Task objective => Copy each line of the records below, from the first through the one that contains "intros Hf Hb;", exactly as written.

Saved data entries =>
_ _ _ _
Lemma iter_RInt_bound (lo hi e : R) (f : R -> R) (j : nat) (s : R) :
  cont_everywhere f -> (forall r, lo <= r <= hi -> Rabs (f r) <= e) ->
  lo <= s <= hi ->
  Rabs (iter_RInt lo f j s) <= e * (s - lo) ^ j / INR (fact j).
Proof.
  intros Hf Hb; revert s; induction j as [|j IH]; intros s Hs; cbn [iter_RInt].
  - rewrite pow_O; unfold fact, INR, Rdiv; rewrite Rinv_1, !Rmult_1_r. auto.
  - eapply Rle_trans.
    + apply (abs_RInt_le_RInt _ (fun r => e / INR (fact j) * (r - lo) ^ j));
        [lra | auto with cont | auto with cont |].
      intros r Hr. replace (e / INR (fact j) * (r - lo) ^ j)
        with (e * (r - lo) ^ j / INR (fact j)) by (field; apply INR_fact_neq_0).
      apply IH; lra.
    + rewrite RInt_Rscal, RInt_shifted_pow by auto with cont.
      right. rewrite fact_simpl, mult_INR.
      field. split; [apply INR_fact_neq_0 | apply not_0_INR; lia].
Qed.

(** * Termwise integration of power series *)

Definition pseries_partial (p : nat -> R) (lo : R) (L : nat) (r : R) : R :=
  sum_f_R0 (fun m => p m * (r - lo) ^ m) L.

Lemma pseries_partial_cont (p : nat -> R) (lo : R) (L : nat) :
  cont_everywhere (pseries_partial p lo L).
Proof. unfold pseries_partial; induction L; cbn [sum_f_R0]; auto with cont. Qed.

#[local] Hint Resolve pseries_partial_cont : cont.

Lemma sum_f_R0_le_of_nonneg (f : nat -> R) (L L' : nat) :
  (forall m, 0 <= f m) -> (L <= L')%nat -> sum_f_R0 f L <= sum_f_R0 f L'.
Proof.
  intros Hf HL; induction HL as [|L' _ IH]; [lra |].
  cbn [sum_f_R0]. specialize (Hf (S L')). lra.
Qed.

Lemma pseries_partial_bound (p : nat -> R) (lo hi : R) (L : nat) (r : R) :
  lo <= r <= hi ->
  Rabs (pseries_partial p lo L r) <= sum_f_R0 (fun m => Rabs (p m) * (hi - lo) ^ m) L.
Proof.
  intros Hr. eapply Rle_trans; [apply sum_f_R0_triangle |].
  apply sum_Rle; intros m _.
  rewrite Rabs_mult, <- RPow_abs.
  apply Rmult_le_compat_l; [apply Rabs_pos |].
  apply pow_incr. rewrite Rabs_pos_eq; lra.
Qed.

Lemma unif_conv_pseries_center (p : nat -> R) (x0 hi : R) (f : R -> R) :
  x0 <= hi -> unif_conv_pseries p x0 x0 hi f -> f x0 = p 0%nat.
Proof.
  intros Hx Hu.
  assert (Hpart : forall N, sum_f_R0 (fun j => p j * (x0 - x0) ^ j) N = p 0%nat).
  { induction N as [|N IH]; cbn [sum_f_R0]; [ring |].
    rewrite IH, Rminus_diag, pow_i by lia. ring. }
  destruct (Req_dec (f x0) (p 0%nat)) as [E | E]; [exact E | exfalso].
  assert (Hd : 0 < Rabs (p 0%nat - f x0)) by (apply Rabs_pos_lt; lra).
  destruct (Hu _ Hd) as [N HN]. specialize (HN N (le_n N) x0 ltac:(lra)).
  rewrite Hpart in HN. lra.
Qed.

Lemma unif_conv_pseries_ext (p : nat -> R) (x0 lo hi : R) (f g : R -> R) :
  (forall x, lo <= x <= hi -> f x = g x) ->
  unif_conv_pseries p x0 lo hi f -> unif_conv_pseries p x0 lo hi g.
Proof.
  intros Hfg Hu eps Heps. destruct (Hu eps Heps) as [N HN].
  exists N; intros n Hn x Hx. rewrite <- Hfg by exact Hx. auto.
Qed.

Definition iter_pseries_term (p : nat -> R) (lo : R) (j : nat) (s : R) (m : nat) : R :=
  p m * (INR (fact m) / INR (fact (m + j))) * (s - lo) ^ (m + j).

Lemma iter_RInt_pseries_partial (p : nat -> R) (lo : R) (L j : nat) (s : R) :
  iter_RInt lo (pseries_partial p lo L) j s = sum_f_R0 (iter_pseries_term p lo j s) L.
Proof.
  unfold iter_pseries_term; induction L as [|L IH]; cbn [sum_f_R0].
  - unfold pseries_partial; cbn [sum_f_R0].
    rewrite iter_RInt_scal, iter_RInt_shifted_pow by auto with cont. ring.
  - change (pseries_partial p lo (S L))
      with (fun r => pseries_partial p lo L r + p (S L) * (r - lo) ^ S L).
    rewrite iter_RInt_plus, IH, iter_RInt_scal, iter_RInt_shifted_pow by auto with cont.
    ring.
Qed.

Lemma iter_RInt_pseries_approx (p : nat -> R) (lo hi : R) (f : R -> R) :
  cont_everywhere f -> unif_conv_pseries p lo lo hi f ->
  forall eps, 0 < eps -> exists L0, forall L j s, (L0 <= L)%nat -> lo <= s <= hi ->
    Rabs (iter_RInt lo f j s - iter_RInt lo (pseries_partial p lo L) j s)
      <= eps * (s - lo) ^ j / INR (fact j).
Proof.
  intros Hf Hu eps Heps. destruct (Hu eps Heps) as [L0 HL0].
  exists L0; intros L j s HL Hs.
  rewrite <- iter_RInt_minus by auto with cont.
  apply (iter_RInt_bound lo hi); auto with cont.
  intros r Hr. rewrite Rabs_minus_sym. left; apply HL0; auto.
Qed.

Lemma iter_RInt_pseries_approx_bounded (p : nat -> R) (lo hi : R) (f : R -> R) :
  lo <= hi -> cont_everywhere f -> unif_conv_pseries p lo lo hi f ->
  exists H, 0 <= H /\ forall L j s, lo <= s <= hi ->
    Rabs (iter_RInt lo f j s - iter_RInt lo (pseries_partial p lo L) j s)
      <= H * (s - lo) ^ j / INR (fact j).
Proof.
  intros Hlh Hf Hu.
  destruct (iter_RInt_pseries_approx p lo hi f Hf Hu 1 Rlt_0_1) as [L1 HL1].
  destruct (bounded_continuity (K := R_AbsRing) (V := R_NormedModule) f lo hi)
    as [M HM]; [intros x _; apply Hf |].
  set (S1 := sum_f_R0 (fun m => Rabs (p m) * (hi - lo) ^ m) L1).
  assert (Hterm : forall m, 0 <= Rabs (p m) * (hi - lo) ^ m).
  { intros m. apply Rmult_le_pos; [apply Rabs_pos | apply pow_le; lra]. }
  assert (HS1 : 0 <= S1) by (apply cond_pos_sum; exact Hterm).
  assert (HM0 : 0 <= M) by (specialize (HM lo ltac:(lra)); pose proof (norm_ge_0 (f lo)); lra).
  exists (1 + M + S1); split; [lra |]; intros L j s Hs.
  assert (Hpow : 0 <= (s - lo) ^ j / INR (fact j)).
  { apply Rdiv_le_0_compat; [apply pow_le; lra | apply INR_fact_lt_0]. }
  destruct (Nat.le_gt_cases L1 L) as [HL | HL].
  - eapply Rle_trans; [apply HL1; auto |].
    unfold Rdiv; rewrite !Rmult_assoc. apply Rmult_le_compat_r; [exact Hpow | lra].
  - rewrite <- iter_RInt_minus by auto with cont.
    eapply Rle_trans; [apply (iter_RInt_bound lo hi (M + S1)); auto with cont |].
    + intros r Hr. eapply Rle_trans; [apply Rabs_triang |]. rewrite Rabs_Ropp.
      apply Rplus_le_compat.
      * left; apply (HM r Hr).
      * eapply Rle_trans; [apply (pseries_partial_bound p lo hi L r Hr) |].
        apply sum_f_R0_le_of_nonneg; [exact Hterm | lia].
    + unfold Rdiv; rewrite !Rmult_assoc. apply Rmult_le_compat_r; [exact Hpow | lra].
Qed.

Lemma iter_RInt_pseries (p : nat -> R) (lo hi : R) (f : R -> R) (j : nat) (s : R) :
  cont_everywhere f -> unif_conv_pseries p lo lo hi f -> lo <= s <= hi ->
  is_series (iter_pseries_term p lo j s) (iter_RInt lo f j s).
Proof.
  intros Hf Hu Hs. apply is_series_Reals; intros eps Heps.
  set (W := (s - lo) ^ j / INR (fact j)).
  assert (HW : 0 <= W) by (apply Rdiv_le_0_compat; [apply pow_le; lra | apply INR_fact_lt_0]).
  destruct (iter_RInt_pseries_approx p lo hi f Hf Hu (eps / (W + 1)))
    as [L0 HL0]; [apply Rdiv_lt_0_compat; lra |].
  exists L0; intros L HL. unfold R_dist.
  rewrite <- iter_RInt_pseries_partial, Rabs_minus_sym.
  eapply Rle_lt_trans; [apply HL0; auto |].
  replace (eps / (W + 1) * (s - lo) ^ j / INR (fact j)) with (eps / (W + 1) * W)
    by (unfold W, Rdiv; ring).
  replace (eps / (W + 1) * W) with (eps - eps / (W + 1)) by (field; lra).
  assert (0 < eps / (W + 1)) by (apply Rdiv_lt_0_compat; lra).
  lra.
Qed.

(** * Collecting powers along an edge *)

(* Split the sum before its last L0 + 1 terms: the head is at most E eps by the last
   hypothesis, and the last terms are small because gam tends to 0. *)
Lemma triangular_tannery (gam : nat -> R) (dd : nat -> nat -> R) (E : R) :
  (forall j, 0 <= gam j) -> (forall N, sum_f_R0 gam N <= E) -> Un_cv gam 0 ->
  (exists H, 0 <= H /\ forall N j, (j <= N)%nat -> Rabs (dd N j) <= gam j * H) ->
  (forall eps, 0 < eps -> exists L0, forall N j, (j <= N)%nat -> (L0 <= N - j)%nat ->
     Rabs (dd N j) <= gam j * eps) ->
  Un_cv (fun N => sum_f_R0 (dd N) N) 0.
Proof.
  intros Hg HE Hcv [H [H0 HH]] Htail eps Heps.
  set (H' := H + 1).
  assert (HH'0 : 0 < H') by (unfold H'; lra).
  assert (HH' : forall N j, (j <= N)%nat -> Rabs (dd N j) <= gam j * H').
  { intros N j Hj. eapply Rle_trans; [apply HH, Hj |].
    apply Rmult_le_compat_l; [apply Hg | unfold H'; lra]. }
  assert (HE0 : 0 <= E) by (specialize (HE 0%nat); specialize (Hg 0%nat); simpl in HE; lra).
  set (e1 := eps / (2 * (E + 1))).
  destruct (Htail e1) as [L0 HL0]; [unfold e1; apply Rdiv_lt_0_compat; lra |].
  set (e2 := eps / (2 * INR (S L0) * H')).
  assert (HL0pos : 0 < INR (S L0)) by (apply lt_0_INR; lia).
  destruct (Hcv e2) as [J HJ]; [unfold e2; apply Rdiv_lt_0_compat; [lra | nra] |].
  exists (J + S L0)%nat; intros N HN. unfold R_dist; rewrite Rminus_0_r.
  rewrite (tech2 (dd N) (N - S L0) N) by lia.
  replace (N - S (N - S L0))%nat with L0 by lia.
  assert (Hhead : Rabs (sum_f_R0 (dd N) (N - S L0)) <= E * e1).
  { eapply Rle_trans; [apply sum_f_R0_triangle |].
    eapply Rle_trans; [apply (sum_Rle _ (fun j => gam j * e1)); intros j Hj; apply HL0; lia |].
    rewrite <- scal_sum, (Rmult_comm E). apply Rmult_le_compat_l; [| apply HE].
    unfold e1; apply Rlt_le, Rdiv_lt_0_compat; lra. }
  assert (Htl : Rabs (sum_f_R0 (fun i => dd N (S (N - S L0) + i)%nat) L0)
                <= e2 * H' * INR (S L0)).
  { eapply Rle_trans; [apply sum_f_R0_triangle |].
    rewrite <- sum_cte. apply sum_Rle; intros i Hi.
    eapply Rle_trans; [apply HH'; lia |]. apply Rmult_le_compat_r; [lra |].
    specialize (HJ (S (N - S L0) + i)%nat ltac:(lia)).
    unfold R_dist in HJ; rewrite Rminus_0_r in HJ.
    pose proof (Rle_abs (gam (S (N - S L0) + i)%nat)); lra. }
  assert (E * e1 < eps / 2) by (unfold e1; apply (Rmult_lt_reg_r (2 * (E + 1))); [lra |];
                                field_simplify; lra).
  assert (e2 * H' * INR (S L0) = eps / 2) by (unfold e2; field; lra).
  eapply Rle_lt_trans; [apply Rabs_triang | lra].
Qed.

Lemma sum_triangle_exchange (g : nat -> nat -> R) (N : nat) :
  sum_f_R0 (fun j => sum_f_R0 (fun m => g j m) (N - j)) N =
  sum_f_R0 (fun n => sum_f_R0 (fun j => g j (n - j)%nat) n) N.
Proof.
  induction N as [|N IH]; [reflexivity |].
  cbn [sum_f_R0]. rewrite <- IH, !Nat.sub_diag.
  rewrite (sum_eq (fun j => sum_f_R0 (fun m => g j m) (S N - j)) 
                  (fun j => sum_f_R0 (fun m => g j m) (N - j) + g j (S N - j)%nat))
    by (intros i Hi; replace (S N - i)%nat with (S (N - i)) by lia; reflexivity).
  rewrite plus_sum. cbn [sum_f_R0]. ring.
Qed.

Lemma coef_fin_pseries_expand (p : nat -> R) (Cc Y lo s : R) (N : nat) :
  sum_f_R0 (fun n => coef_fin p Cc Y n * (s - lo) ^ n) N =
  sum_f_R0 (fun j => (Cc * Y) ^ j / INR (fact j) *
                     sum_f_R0 (iter_pseries_term p lo j s) (N - j)) N.
Proof.
  transitivity (sum_f_R0 (fun j => sum_f_R0 (fun m => (Cc * Y) ^ j / INR (fact j) *
                                    iter_pseries_term p lo j s m) (N - j)) N).
  2: { apply sum_eq; intros j _. rewrite scal_sum. apply sum_eq; intros; ring. }
  rewrite sum_triangle_exchange. apply sum_eq; intros n _.
  unfold coef_fin. rewrite Rmult_comm, scal_sum, <- sum_f_R0_skip. apply sum_eq; intros j Hj.
  unfold iter_pseries_term.
  replace (n - j + j)%nat with n by lia. replace (n - (n - j))%nat with j by lia.
  field. split; apply INR_fact_neq_0.
Qed.

Lemma scaled_iter_RInt_bound (z x X e D : R) (j : nat) :
  0 <= x <= X -> 0 <= e -> Rabs D <= e * x ^ j / INR (fact j) ->
  Rabs (z ^ j / INR (fact j) * D) <= (Rabs z * X) ^ j / INR (fact j) * e.
Proof.
  intros Hx He HD.
  rewrite Rabs_mult, Rabs_div, <- RPow_abs, Rpow_mult_distr, (Rabs_pos_eq (INR (fact j)))
    by (pose proof (INR_fact_lt_0 j); lra).
  replace ((Rabs z ^ j * X ^ j) / INR (fact j) * e)
    with (Rabs z ^ j / INR (fact j) * (e * X ^ j)) by (field; apply INR_fact_neq_0).
  apply Rmult_le_compat_l; [apply Rdiv_le_0_compat; [apply pow_le, Rabs_pos | apply INR_fact_lt_0] |].
  eapply Rle_trans; [exact HD |]. unfold Rdiv; rewrite Rmult_assoc.
  apply Rmult_le_compat_l; [exact He | apply pow_div_fact_le; lra].
Qed.

(* The N-th partial sum is the triangular sum over j <= N of
   (Cc Y)^j/j! (I^j S_(N-j) - I^j f)(s), with S_L the partial sums of the series of f. *)
Lemma coef_fin_pseries_rearrange (p : nat -> R) (lo hi Cc Y : R) (f : R -> R) (s : R) :
  lo <= hi -> cont_everywhere f -> unif_conv_pseries p lo lo hi f -> lo <= s <= hi ->
  is_series (fun n => coef_fin p Cc Y n * (s - lo) ^ n
                      - (Cc * Y) ^ n / INR (fact n) * iter_RInt lo f n s) 0.
Proof.
  intros Hlh Hf Hu Hs. apply is_series_Reals.
  set (rho := Rabs (Cc * Y) * (hi - lo)).
  assert (Hrho : 0 <= rho) by (unfold rho; apply Rmult_le_pos; [apply Rabs_pos | lra]).
  set (dd := fun N j => (Cc * Y) ^ j / INR (fact j) *
               (iter_RInt lo (pseries_partial p lo (N - j)) j s - iter_RInt lo f j s)).
  apply (Un_cv_ext (fun N => sum_f_R0 (dd N) N)).
  { intros N. rewrite minus_sum, coef_fin_pseries_expand, <- minus_sum.
    apply sum_eq; intros j _. unfold dd. rewrite iter_RInt_pseries_partial. ring. }
  assert (Hdd : forall N j e, 0 <= e ->
     Rabs (iter_RInt lo f j s - iter_RInt lo (pseries_partial p lo (N - j)) j s)
       <= e * (s - lo) ^ j / INR (fact j) ->
     Rabs (dd N j) <= rho ^ j / INR (fact j) * e).
  { intros N j e He HD. apply scaled_iter_RInt_bound with (x := s - lo); [lra | exact He |].
    rewrite Rabs_minus_sym; exact HD. }
  apply (triangular_tannery (fun j => rho ^ j / INR (fact j)) dd (exp rho)).
  - intros j. apply Rdiv_le_0_compat; [apply pow_le; lra | apply INR_fact_lt_0].
  - intros N. apply exp_ge_taylor, Hrho.
  - apply cv_speed_pow_fact.
  - destruct (iter_RInt_pseries_approx_bounded p lo hi f) as [H [H0 HH]]; auto.
    exists H; split; [exact H0 |]; intros N j _. apply Hdd; auto.
  - intros e He. destruct (iter_RInt_pseries_approx p lo hi f Hf Hu e He) as [L0 HL0].
    exists L0; intros N j _ HL. apply Hdd; [lra | auto].
Qed.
_ _ _ _
Exercise answer =>
Lemma iter_RInt_bound (lo hi e : R) (f : R -> R) (j : nat) (s : R) :
  cont_everywhere f -> (forall r, lo <= r <= hi -> Rabs (f r) <= e) ->
  lo <= s <= hi ->
  Rabs (iter_RInt lo f j s) <= e * (s - lo) ^ j / INR (fact j).
Proof.
  intros Hf Hb; revert s; induction j as [|j IH]; intros s Hs; cbn [iter_RInt].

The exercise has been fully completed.